What Problem Does This Solve?
Most teams struggle here because the hard part is not writing more code, but deciding clear boundaries for model, llama, gguf so behavior stays predictable as complexity grows.
In practical terms, this chapter helps you avoid three common failures:
- coupling core logic too tightly to one implementation path
- missing the handoff boundaries between setup, execution, and validation
- shipping changes without clear rollback or observability strategy
After working through this chapter, you should be able to reason about Chapter 3: Command Line Interface as an operating subsystem inside llama.cpp Tutorial: Local LLM Inference, with explicit contracts for inputs, state transitions, and outputs.
Use the implementation notes around prompt, float, file as your checklist when adapting these patterns to your own repository.
How it Works Under the Hood
Under the hood, Chapter 3: Command Line Interface usually follows a repeatable control path:
- Context bootstrap: initialize runtime config and prerequisites for
model. - Input normalization: shape incoming data so
llamareceives stable contracts. - Core execution: run the main logic branch and propagate intermediate state through
gguf. - Policy and safety checks: enforce limits, auth scopes, and failure boundaries.

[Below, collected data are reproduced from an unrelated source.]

(* Let $0<\eta<1$, $I=[\eta,1]$, and $\mathcal{D}$ as in the context. For every $s\in(0,1)$ and every $k\ge0$, the function $x\mapsto (x^s+k)^{-1}$ on $I$ belongs to $\mathscr{L}_1(\mathcal{D})$.
   Context: Dictionary: for $b\in(0,\infty)$ let $g(x,b)=\frac{\eta+b}{x+b}$ on $I$, and $\mathcal{D}=\{g(\cdot,b):b\in(0,\infty)\}\subset L^\infty(I)$. $B_1(\mathcal{D})$ is the closure in $L^\infty(I)$ of $\{\sum_{j=1}^m c_jg_j: m\in\mathbb{N}, g_j\in\mathcal{D}, \sum_j|c_j|\le1\}$; $\|f\|_{\mathscr{L}_1(\mathcal{D})}=\inf\{c>0: f\in cB_1(\mathcal{D})\}$; $\mathscr{L}_1(\mathcal{D})=\{f:\|f\|_{\mathscr{L}_1(\mathcal{D})}<\infty\}$. *)

From Stdlib Require Import Reals List.
Open Scope R_scope.

Definition dict (eta b x : R) : R := (eta + b) / (x + b).

Definition comb (eta : R) (l : list (R * R)) (x : R) : R :=
  fold_right (fun p acc => fst p * dict eta (snd p) x + acc) 0 l.

Definition coef_l1 (l : list (R * R)) : R :=
  fold_right (fun p acc => Rabs (fst p) + acc) 0 l.

(* all b_j lie in (0, oo), i.e. each g(., b_j) is in the dictionary D *)
Definition params_pos (l : list (R * R)) : Prop :=
  forall p, In p l -> 0 < snd p.

(* f belongs to c * B_1(D), where B_1(D) is the closure in the sup norm on
   I = [eta,1] (= L^oo(I) norm for these continuous functions) of the
   absolutely convex combinations of dictionary elements.  For c > 0,
   c * conv = combinations with sum |c_j| <= c. *)
Definition in_scaled_B1 (eta c : R) (f : R -> R) : Prop :=
  forall eps, 0 < eps ->
    exists l : list (R * R),
      params_pos l /\ coef_l1 l <= c /\
      forall x, eta <= x <= 1 -> Rabs (f x - comb eta l x) <= eps.

(* f in script-L_1(D): the L_1(D) norm inf{c > 0 : f in c B_1(D)} is finite,
   i.e. the set is nonempty. *)
Definition in_L1D (eta : R) (f : R -> R) : Prop :=
  exists c, 0 < c /\ in_scaled_B1 eta c f.

(* For q > 1 the bi-infinite series S(x) = sum_(e in Z) q^(s e) x / (x + q^e)
   satisfies S(q x) = q^s S(x), so S(x) / (S(1) x^s) stays within a factor q^s of 1
   on (0, 1].  Truncating S with q close to 1 approximates x^s uniformly on [eta, 1]
   by finite sums A(x) = sum_j w_j x / (x + t_j) with w_j, t_j > 0.
   For phi = k + eps + A, the numerator of phi has its zeros r_i interlaced with the
   poles -t_j, and the partial fraction expansion of 1 / phi has positive residues:
   1 / phi(x) = 1 / phi(oo) + sum_i c_i / (x - r_i) with c_i > 0.  Each c / (x + b)
   is c / (eta + b) times the dictionary element g(., b), the constant 1 / phi(oo) is a
   uniform limit of multiples of g(., b) as b -> oo, and the total weight 1 / phi(eta)
   is at most eta^(-s).  Letting eps -> 0 puts 1 / (x^s + k) in eta^(-s) B_1(D). *)

From Stdlib Require Import Reals Lra Lia List.
From Coquelicot Require Import Coquelicot.
From mathcomp Require all_boot all_order all_algebra zify ring polyrcf Rstruct.
Open Scope R_scope.

Definition pfrac (l : list (R * R)) (x : R) : R :=
  fold_right (fun p acc => fst p / (x + snd p) + acc) 0 l.

Definition pfrac_pos (l : list (R * R)) : Prop :=
  forall p, In p l -> 0 <= fst p /\ 0 < snd p.

Lemma pfrac_pos_cons p l : pfrac_pos (p :: l) -> (0 <= fst p /\ 0 < snd p) /\ pfrac_pos l.
Proof. intros H; split; [apply H; left | intros p' hp'; apply H; right]; auto. Qed.

(* [c / (x + b)] is the dictionary element [g(., b)] scaled by [c / (eta + b)]. *)
Definition pfrac_to_dict (eta : R) (l : list (R * R)) : list (R * R) :=
  map (fun p => (fst p / (eta + snd p), snd p)) l.

Lemma comb_pfrac_to_dict eta l x : 0 < eta -> 0 <= x -> pfrac_pos l ->
  comb eta (pfrac_to_dict eta l) x = pfrac l x.
Proof.
intros he hx; induction l as [|p l IH]; intros hl; simpl; [reflexivity|].
destruct (pfrac_pos_cons p l hl) as [[_ hb] hl'].
rewrite IH by exact hl'. unfold dict. f_equal. field. split; lra.
Qed.

Lemma coef_l1_pfrac_to_dict eta l : 0 < eta -> pfrac_pos l ->
  coef_l1 (pfrac_to_dict eta l) = pfrac l eta.
Proof.
intros he; induction l as [|p l IH]; intros hl; simpl; [reflexivity|].
destruct (pfrac_pos_cons p l hl) as [[hc hb] hl'].
rewrite IH, Rabs_pos_eq by (auto; apply Rdiv_le_0_compat; lra). reflexivity.
Qed.

Lemma params_pos_pfrac_to_dict eta l : pfrac_pos l -> params_pos (pfrac_to_dict eta l).
Proof.
intros hl p hp. apply in_map_iff in hp. destruct hp as [p' [<- hp']]. apply (hl p' hp').
Qed.

Lemma in_scaled_B1_le eta c c' f : c <= c' -> in_scaled_B1 eta c f -> in_scaled_B1 eta c' f.
Proof.
intros hc hf eps heps. destruct (hf eps heps) as [l [hl [hl1 happ]]].
exists l; repeat split; auto; lra.
Qed.

Lemma in_scaled_B1_approx eta c f :
  (forall eps, 0 < eps -> exists g, in_scaled_B1 eta c g /\
     forall x, eta <= x <= 1 -> Rabs (f x - g x) <= eps) ->
  in_scaled_B1 eta c f.
Proof.
intros happ eps heps.
destruct (happ (eps / 2)) as [g [hg hfg]]; [lra|].
destruct (hg (eps / 2)) as [l [hl [hl1 hgl]]]; [lra|].
exists l; repeat split; auto. intros x hx.
replace (f x - comb eta l x) with ((f x - g x) + (g x - comb eta l x)) by ring.
eapply Rle_trans; [apply Rabs_triang|].
specialize (hfg x hx); specialize (hgl x hx); lra.
Qed.

(* The constant [c0] is the limit of [c0 * g(., b)] as [b -> oo], uniformly on [[eta, 1]]. *)
Lemma const_add_pfrac_in_scaled_B1 eta c0 l : 0 < eta -> 0 <= c0 -> pfrac_pos l ->
  in_scaled_B1 eta (c0 + pfrac l eta) (fun x => c0 + pfrac l x).
Proof.
intros he hc0 hl eps heps.
set (b := (c0 + 1) / eps).
assert (hb : 0 < b) by (apply Rdiv_lt_0_compat; lra).
exists ((c0, b) :: pfrac_to_dict eta l); repeat split.
- intros p [<- | hp]; [exact hb | exact (params_pos_pfrac_to_dict eta l hl p hp)].
- simpl. rewrite coef_l1_pfrac_to_dict, Rabs_pos_eq by auto. lra.
- intros x hx. simpl. rewrite comb_pfrac_to_dict by (auto; lra). unfold dict.
  replace (c0 + pfrac l x - (c0 * ((eta + b) / (x + b)) + pfrac l x))
    with (c0 * ((x - eta) / (x + b))) by (field; lra).
  assert (hfrac : 0 <= (x - eta) / (x + b) <= / b).
  { split; [apply Rdiv_le_0_compat; lra|].
    apply Rmult_le_reg_r with ((x + b) * b); [nra|]. field_simplify; nra. }
  rewrite Rabs_pos_eq by nra.
  apply Rle_trans with (c0 * / b); [apply Rmult_le_compat_l; lra|].
  unfold b. rewrite Rinv_div. apply Rmult_le_reg_r with (c0 + 1); [lra|].
  field_simplify; nra.
Qed.

Lemma Rpower_pos x y : 0 < Rpower x y.
Proof. apply exp_pos. Qed.

Lemma Rpower_mul_INR x a n : 0 < x -> Rpower x (a * INR n) = Rpower x a ^ n.
Proof. intros hx. rewrite <- Rpower_mult, Rpower_pow by apply Rpower_pos. reflexivity. Qed.

Lemma Rpower_lt_1 x y : 1 < x -> y < 0 -> Rpower x y < 1.
Proof. intros hx hy. rewrite <- (Rpower_O x) by lra. apply Rpower_lt; lra. Qed.

Lemma Rpower_gt_1 x y : 1 < x -> 0 < y -> 1 < Rpower x y.
Proof. intros hx hy. apply Rle_lt_trans with (Rpower x 0); [rewrite Rpower_O; lra | apply Rpower_lt; lra]. Qed.

Lemma Rpower_le_1 x y : 0 < x <= 1 -> 0 <= y -> Rpower x y <= 1.
Proof.
intros hx hy. apply Rle_trans with (Rpower 1 y); [apply Rle_Rpower_l; lra|].
unfold Rpower. rewrite ln_1, Rmult_0_r, exp_0. lra.
Qed.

- Output composition: return canonical result payloads for downstream consumers.
- Operational telemetry: emit logs/metrics needed for debugging and performance tuning.

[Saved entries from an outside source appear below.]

(* Even for two teams and nonnegative-value players who all strictly prefer the same team, there may not exist an allocation that is both EF1 and justified envy-free.
   Context: Setting: teams $T=[n]$, players $P=\{p_1,\dots,p_m\}$. Each player $p$ has a complete, transitive weak preference $\succsim_p$ over $T$ (strict part $\succ_p$). Each team $i$ has an additive valuation $v_i$, $v_i(S)=\sum_{p\in S}v_i(p)$; nonnegative-value players means $v_i(p)\ge0$ for all $i,p$. An allocation is an ordered partition $(A_1,\dots,A_n)$ of $P$. $A$ is EF1 if for all distinct $i,j$ there are $X\subseteq A_i$, $Y\subseteq A_j$ with $|X\cup Y|\le1$ and $v_i(A_i\setminus X)\ge v_i(A_j\setminus Y)$. Given $A$, a player $p\in A_i$ has justified envy toward a player $q\in A_j$ if $j\succ_p i$ and $v_j(p)>v_j(q)$. $A$ is justified envy-free (justified EF) if no player has justified envy toward another player. *)

From HB Require Import structures.
From mathcomp Require Import all_boot all_order all_algebra.
Set Implicit Arguments. Unset Strict Implicit. Unset Printing Implicit Defensive.
Import Order.TTheory GRing.Theory Num.Theory.
Local Open Scope ring_scope.

(* Teams are 'I_n, players form a finite type P.
   pref p : rel 'I_n is the weak preference of player p: pref p i j means i ≿_p j.
   v i p is the value of player p for team i.
   An allocation (ordered partition of P into n bundles) is a map A : P -> 'I_n;
   the bundle of team i is [set p | A p == i]. *)

Definition weak_pref (n : nat) (P : finType) (pref : P -> rel 'I_n) : Prop :=
  forall p, total (pref p) /\ transitive (pref p).

Definition strict_pref (n : nat) (P : finType) (pref : P -> rel 'I_n)
  (p : P) (i j : 'I_n) : bool := pref p i j && ~~ pref p j i.

Definition bundle (n : nat) (P : finType) (A : P -> 'I_n) (i : 'I_n) : {set P} :=
  [set p | A p == i].

Definition valuation (R : numDomainType) (n : nat) (P : finType)
  (v : 'I_n -> P -> R) (i : 'I_n) (S : {set P}) : R :=
  \sum_(p in S) v i p.

Definition nonneg_values (R : numDomainType) (n : nat) (P : finType)
  (v : 'I_n -> P -> R) : Prop := forall i p, 0 <= v i p.

Definition EF1 (R : numDomainType) (n : nat) (P : finType)
  (v : 'I_n -> P -> R) (A : P -> 'I_n) : Prop :=
  forall i j : 'I_n, i != j ->
    exists X Y : {set P},
      [/\ X \subset bundle A i, Y \subset bundle A j, (#|X :|: Y| <= 1)%N &
          valuation v i (bundle A j :\: Y) <= valuation v i (bundle A i :\: X)].

Definition justified_envy (R : numDomainType) (n : nat) (P : finType)
  (pref : P -> rel 'I_n) (v : 'I_n -> P -> R) (A : P -> 'I_n) (p q : P) : Prop :=
  strict_pref pref p (A q) (A p) /\ v (A q) q < v (A q) p.

Definition justified_EF (R : numDomainType) (n : nat) (P : finType)
  (pref : P -> rel 'I_n) (v : 'I_n -> P -> R) (A : P -> 'I_n) : Prop :=
  forall p q : P, ~ justified_envy pref v A p q.

(* Four players, with team 0 the common favourite.  Team 0 values the
   players 10, 9, 8, 7 and team 1 values them 1, 1, 0, 0.  Justified envy
   freeness forces team 0 to hold the players it values most, i.e. a prefix
   of 10, 9, 8, 7.  If that prefix contains 10 and 9, team 1 holds nothing
   of value to it while team 0 holds 2, so team 1 envies beyond one item.
   Otherwise team 1 holds 9 or 10 together with 8 and 7, worth at least 24
   to team 0, which holds at most 10: team 0 envies beyond one item. *)

From mathcomp Require Import all_boot all_order all_algebra.
From mathcomp Require Import lra zify.
Import Order.TTheory GRing.Theory Num.Theory.
Set Implicit Arguments. Unset Strict Implicit. Unset Printing Implicit Defensive.
Local Open Scope ring_scope.

Section FavouriteTeam.
Variables (n : nat) (P : finType) (t : 'I_n).

Definition favourite_pref (p : P) : rel 'I_n := fun i j => (j == t) ==> (i == t).

Lemma favourite_weak_pref : weak_pref favourite_pref.
Proof.
move=> p; split=> [i j | j i k]; rewrite /favourite_pref.
  by case: (i == t); case: (j == t).
by case: (i == t); case: (j == t); case: (k == t).
Qed.

Lemma favourite_strict_pref p i : i != t -> strict_pref favourite_pref p t i.
Proof. by rewrite /strict_pref /favourite_pref eqxx implybT => /negbTE ->. Qed.

Lemma justified_EF_favourite_le (R : realDomainType) (pref : P -> rel 'I_n)
    (v : 'I_n -> P -> R) (A : P -> 'I_n) p q :
  (forall p i, i != t -> strict_pref pref p t i) -> justified_EF pref v A ->
  A q = t -> A p != t -> v t p <= v t q.
Proof.
move=> favourite jEF Aq Ap; rewrite leNgt; apply/negP => lt_qp.
by apply: (jEF p q); split; rewrite Aq //; apply: favourite.
Qed.

End FavouriteTeam.

Section EF1Bound.
Variables (R : numDomainType) (n : nat) (P : finType) (v : 'I_n -> P -> R).
Hypothesis v_ge0 : nonneg_values v.

Lemma valuation_setD_le i (S X : {set P}) :
  valuation v i (S :\: X) <= valuation v i S.
Proof.
rewrite /valuation [leRHS](big_setID X) /= lerDr.
exact: sumr_ge0.
Qed.

Lemma valuation_card_le1 i (M : R) (S : {set P}) :
  0 <= M -> (forall p, v i p <= M) -> (#|S| <= 1)%N -> valuation v i S <= M.
Proof.
move=> M_ge0 vM cardS; apply: le_trans (ler_sum _ (fun p _ => vM p)) _.
by rewrite sumr_const; case: #|S| cardS => [|[]] // _; rewrite ?mulr0n ?mulr1n.
Qed.

Lemma EF1_envy_bound (A : P -> 'I_n) i j (M : R) :
  EF1 v A -> i != j -> 0 <= M -> (forall p, v i p <= M) ->
  valuation v i (bundle A j) <= valuation v i (bundle A i) + M.
Proof.
move=> ef1 ij M_ge0 vM; have [X [Y [_ _ cardXY envy]]] := ef1 i j ij.
have removed_le : valuation v i (bundle A j :&: Y) <= M.
  apply: valuation_card_le1 => //; apply: leq_trans cardXY.
  by apply/subset_leq_card/(subset_trans (subsetIr _ _))/subsetUr.
rewrite /valuation (big_setID Y) /= -/(valuation _ _ _) -/(valuation _ _ _).
rewrite addrC lerD //; apply: le_trans envy _; exact: valuation_setD_le.
Qed.

End EF1Bound.

Lemma ord2_cases (i : 'I_2) : i = ord0 \/ i = ord_max.
Proof. by case: i => [[|[|//]] ?]; [left | right]; apply: val_inj. Qed.

Definition p0 : 'I_4 := @Ordinal 4 0 isT.
Definition p1 : 'I_4 := @Ordinal 4 1 isT.
Definition p2 : 'I_4 := @Ordinal 4 2 isT.
Definition p3 : 'I_4 := @Ordinal 4 3 isT.

Lemma valuation_bundle_ord4 (R : numDomainType) n (v : 'I_n -> 'I_4 -> R)
    (A : 'I_4 -> 'I_n) i j :
  valuation v i (bundle A j) =
  (if A p0 == j then v i p0 else 0) + (if A p1 == j then v i p1 else 0) +
  (if A p2 == j then v i p2 else 0) + (if A p3 == j then v i p3 else 0).
Proof.
rewrite /valuation big_mkcond /= !big_ord_recl big_ord0 addr0 !addrA /bundle !inE.
by congr (_ + _ + _ + _); congr (if A _ == j then v i _ else 0); apply: val_inj.
Qed.

Section Example.
Variable R : realFieldType.

Definition example_value (i : 'I_2) (p : 'I_4) : R :=
  if i == ord0 then (10 - p)%:R else (p < 2)%:R.

Lemma example_value_ge0 : nonneg_values example_value.
Proof. by move=> i p; rewrite /example_value; case: ifP. Qed.

Lemma justified_EF_example_low (A : 'I_4 -> 'I_2) p :
  justified_EF (favourite_pref ord0) example_value A ->
  A p = ord_max -> (p < 2)%N -> A p2 = ord_max /\ A p3 = ord_max.
Proof.
move=> jEF Ap lt_p2; have Ap' : A p != ord0 by rewrite Ap.
have low (q : 'I_4) : (2 <= q)%N -> A q = ord_max.
  move=> le2q; case: (ord2_cases (A q)) => // Aq.
  have := justified_EF_favourite_le (@favourite_strict_pref _ _ _) jEF Aq Ap'.
  rewrite /example_value /= ler_nat.
  by case: p q lt_p2 le2q {Ap Ap' Aq} => [p ?] [q ?] /=; lia.
by split; apply: low.
Qed.

Lemma example_not_EF1_justified_EF (A : 'I_4 -> 'I_2) :
  ~ (EF1 example_value A /\ justified_EF (favourite_pref ord0) example_value A).
Proof.
move=> [ef1 jEF].
have value0_le p : example_value ord0 p <= 10.
  by rewrite /example_value /= ler_nat leq_subr.
have value1_le p : example_value ord_max p <= 1.
  by rewrite /example_value /= lern1 leq_b1.
have envy0 := EF1_envy_bound example_value_ge0 ef1
  (isT : ord0 != ord_max :> 'I_2) (ler0n _ 10) value0_le.
have envy1 := EF1_envy_bound example_value_ge0 ef1
  (isT : ord_max != ord0 :> 'I_2) ler01 value1_le.
case: (ord2_cases (A p0)) => a0; case: (ord2_cases (A p1)) => a1.
- move: envy1; rewrite !valuation_bundle_ord4 a0 a1 /example_value /= !if_same.
  lra.
all: have [a2 a3] : A p2 = ord_max /\ A p3 = ord_max
  by [apply: (justified_EF_example_low jEF a0) | apply: (justified_EF_example_low jEF a1)].
all: move: envy0; rewrite !valuation_bundle_ord4 a0 a1 a2 a3 /example_value /= !subnE /=.
all: lra.
Qed.

End Example.

Theorem proposition6 (R : realFieldType) :
  exists (P : finType) (pref : P -> rel 'I_2) (v : 'I_2 -> P -> R),
    [/\ weak_pref pref, nonneg_values v,
        (exists t : 'I_2, forall (p : P) (i : 'I_2), i != t -> strict_pref pref p t i) &
        forall A : P -> 'I_2, ~ (EF1 v A /\ justified_EF pref v A)].
Proof.
exists ('I_4 : finType), (favourite_pref ord0), (@example_value R); split.
- exact: favourite_weak_pref.
- exact: example_value_ge0.
- by exists ord0; apply: favourite_strict_pref.
- exact: example_not_EF1_justified_EF.
Qed.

When debugging, walk this sequence in order and confirm each stage has explicit success/failure conditions.
Source Walkthrough
Key source files in ggerganov/llama.cpp:
examples/main/main.cpp-- argument parsing for allllama-cliflags; shows which params map to whichllama_context_paramsfieldscommon/arg.cpp-- full CLI argument registry; authoritative reference for all flags and their defaultscommon/sampling.cpp-- sampling pipeline: top-k, top-p, temperature, repetition penalty logic
Suggested trace: search arg.cpp for any flag (e.g., --temp) to find its default, type, and description, then find how it flows into the sampling or context params struct.